» **WHAT THE TASK ASKS**
Retype every record exactly as it appears.

Top of EXERCISE DATA

Lemma iint_le_wnorm_wtail (X N : set R) (F : R -> R -> R) (c q : R) :
  measurable X -> X `<=` @Rpos R -> measurable N -> mu N = 0%E -> 0 <= q -> 0 <= c ->
  (forall x y, X x -> q < y -> 0 <= F x y) ->
  (forall x y, X x -> ~ N x -> q < y -> F x y <= c * (wgt beta x * h x) * (wgt beta y * h y)) ->
  (\int[mu]_(x in X) \int[mu]_(y in `]q, +oo[) (F x y)%:E
     <= c%:E * (wnorm h * wtail h q))%E.
Proof.
move=> mX XRpos mN N0 q0 c0 F0 Fb.
have mIq : measurable `]q, +oo[%classic by exact: measurable_itv.
have Iq_Rpos := itv_oy_sub_Rpos q0.
have ltq y : `]q, +oo[%classic y -> q < y by rewrite /= in_itv/= andbT.
rewrite wtail_itv//.
apply: (le_trans (@iint_le_integralM _ _ _ _ _ mu mu _ N _ _
  (fun x => wgt beta x * h x) (fun y => wgt beta y * h y) c _ _ _ _ _ _ _ _ _ _ _)) => //.
- exact: measurable_wgtM.
- exact: measurable_wgtM.
- by move=> x /XRpos; exact: wgtM_ge0.
- by move=> y /Iq_Rpos; exact: wgtM_ge0.
- by move=> x y Xx /ltq; exact: F0.
- by move=> x y Xx Nx /ltq; exact: Fb.
apply: lee_wpmul2l; first by rewrite lee_fin.
apply: lee_wpmul2r; first by apply: integral_ge0 => y /Iq_Rpos/wgtM_ge0; rewrite lee_fin.
exact: integral_wgtM_le_wnorm.
Qed.

End nonneg_function.

End weighted_norm.

Section kernel_bounds.
Variables (R : realType) (Psi : R -> R -> R) (beta k : R).
Hypothesis hK : kernel_hyp Psi beta k.
Local Notation mu := (@lebesgue_measure R).

Lemma kernel_bound_small_large x y : 0 < x -> x != 1 -> x < y -> 1 < y ->
  x * Psi x y <= 2 * k * wgt beta x * wgt beta y.
Proof.
case: hK => b0 [k0 [_ [Psi0 [_ [_ [Psi_sl Psi_ll]]]]]] x0 x1 xy y1.
have y0 : 0 < y by rewrite (lt_trans _ y1).
have wy := self_le_wgt beta y0; have wx := self_le_wgt beta x0.
have wkw : 0 <= k * wgt beta x * wgt beta y.
  by rewrite !mulr_ge0 ?wgt_ge0 // ltW.
have [x_lt1|x_gt1|/eqP] := ltgtP x 1; last by rewrite (negPf x1).
- have x01 : 0 < x < 1 by rewrite x0.
  have xPsi : x * Psi x y <= k * y * (x * x `^ (- beta)).
    by have := ler_wpM2l (ltW x0) (Psi_sl _ _ x01 y1); lra.
  have : k * y * (x * x `^ (- beta)) <= k * wgt beta y * wgt beta x.
    apply: ler_pM; rewrite ?mulr_ge0 ?powR_ge0 ?ler_wpM2l ?(ltW k0) ?(ltW x0) ?(ltW y0)//.
    exact: mul_powRN_le_wgt.
  lra.
- have : x * Psi x y <= x * (k * (x + y)) by rewrite ler_wpM2l ?Psi_ll ?ltW.
  have kx : 0 < k * x by rewrite mulr_gt0.
  have : x * y <= wgt beta x * wgt beta y by apply: ler_pM => //; apply: ltW.
  nra.
Qed.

Bottom of EXERCISE DATA

» **EXERCISE RESPONSE**
Lemma iint_le_wnorm_wtail (X N : set R) (F : R -> R -> R) (c q : R) :
  measurable X -> X `<=` @Rpos R -> measurable N -> mu N = 0%E -> 0 <= q -> 0 <= c ->
  (forall x y, X x -> q < y -> 0 <= F x y) ->
  (forall x y, X x -> ~ N x -> q < y -> F x y <= c * (wgt beta x * h x) * (wgt beta y * h y)) ->
  (\int[mu]_(x in X) \int[mu]_(y in `]q, +oo[) (F x y)%:E
     <= c%:E * (wnorm h * wtail h q))%E.
Proof.
move=> mX XRpos mN N0 q0 c0 F0 Fb.
have mIq : measurable `]q, +oo[%classic by exact: measurable_itv.
have Iq_Rpos := itv_oy_sub_Rpos q0.
have ltq y : `]q, +oo[%classic y -> q < y by rewrite /= in_itv/= andbT.
rewrite wtail_itv//.
apply: (le_trans (@iint_le_integralM _ _ _ _ _ mu mu _ N _ _
  (fun x => wgt beta x * h x) (fun y => wgt beta y * h y) c _ _ _ _ _ _ _ _ _ _ _)) => //.
- exact: measurable_wgtM.
- exact: measurable_wgtM.
- by move=> x /XRpos; exact: wgtM_ge0.
- by move=> y /Iq_Rpos; exact: wgtM_ge0.
- by move=> x y Xx /ltq; exact: F0.
- by move=> x y Xx Nx /ltq; exact: Fb.
apply: lee_wpmul2l; first by rewrite lee_fin.
apply: lee_wpmul2r; first by apply: integral_ge0 => y /Iq_Rpos/wgtM_ge0; rewrite lee_fin.
exact: integral_wgtM_le_wnorm.
Qed.

End nonneg_function.

End weighted_norm.

Section kernel_bounds.
Variables (R : realType) (Psi : R -> R -> R) (beta k : R).
Hypothesis hK : kernel_hyp Psi beta k.
Local Notation mu := (@lebesgue_measure R).

Lemma kernel_bound_small_large x y : 0 < x -> x != 1 -> x < y -> 1 < y ->
  x * Psi x y <= 2 * k * wgt beta x * wgt beta y.
Proof.
case: hK => b0 [k0 [_ [Psi0 [_ [_ [Psi_sl Psi_ll]]]]]] x0 x1 xy y1.
have y0 : 0 < y by rewrite (lt_trans _ y1).
have wy := self_le_wgt beta y0; have wx := self_le_wgt beta x0.
have wkw : 0 <= k * wgt beta x * wgt beta y.
  by rewrite !mulr_ge0 ?wgt_ge0 // ltW.
have [x_lt1|x_gt1|/eqP] := ltgtP x 1; last by rewrite (negPf x1).
- have x01 : 0 < x < 1 by rewrite x0.
  have xPsi : x * Psi x y <= k * y * (x * x `^ (- beta)).
    by have := ler_wpM2l (ltW x0) (Psi_sl _ _ x01 y1); lra.
  have : k * y * (x * x `^ (- beta)) <= k * wgt beta y * wgt beta x.
    apply: ler_pM; rewrite ?mulr_ge0 ?powR_ge0 ?ler_wpM2l ?(ltW k0) ?(ltW x0) ?(ltW y0)//.
    exact: mul_powRN_le_wgt.
  lra.
- have : x * Psi x y <= x * (k * (x + y)) by rewrite ler_wpM2l ?Psi_ll ?ltW.
  have kx : 0 < k * x by rewrite mulr_gt0.
  have : x * y <= wgt beta x * wgt beta y by apply: ler_pM => //; apply: ltW.
  nra.
Qed.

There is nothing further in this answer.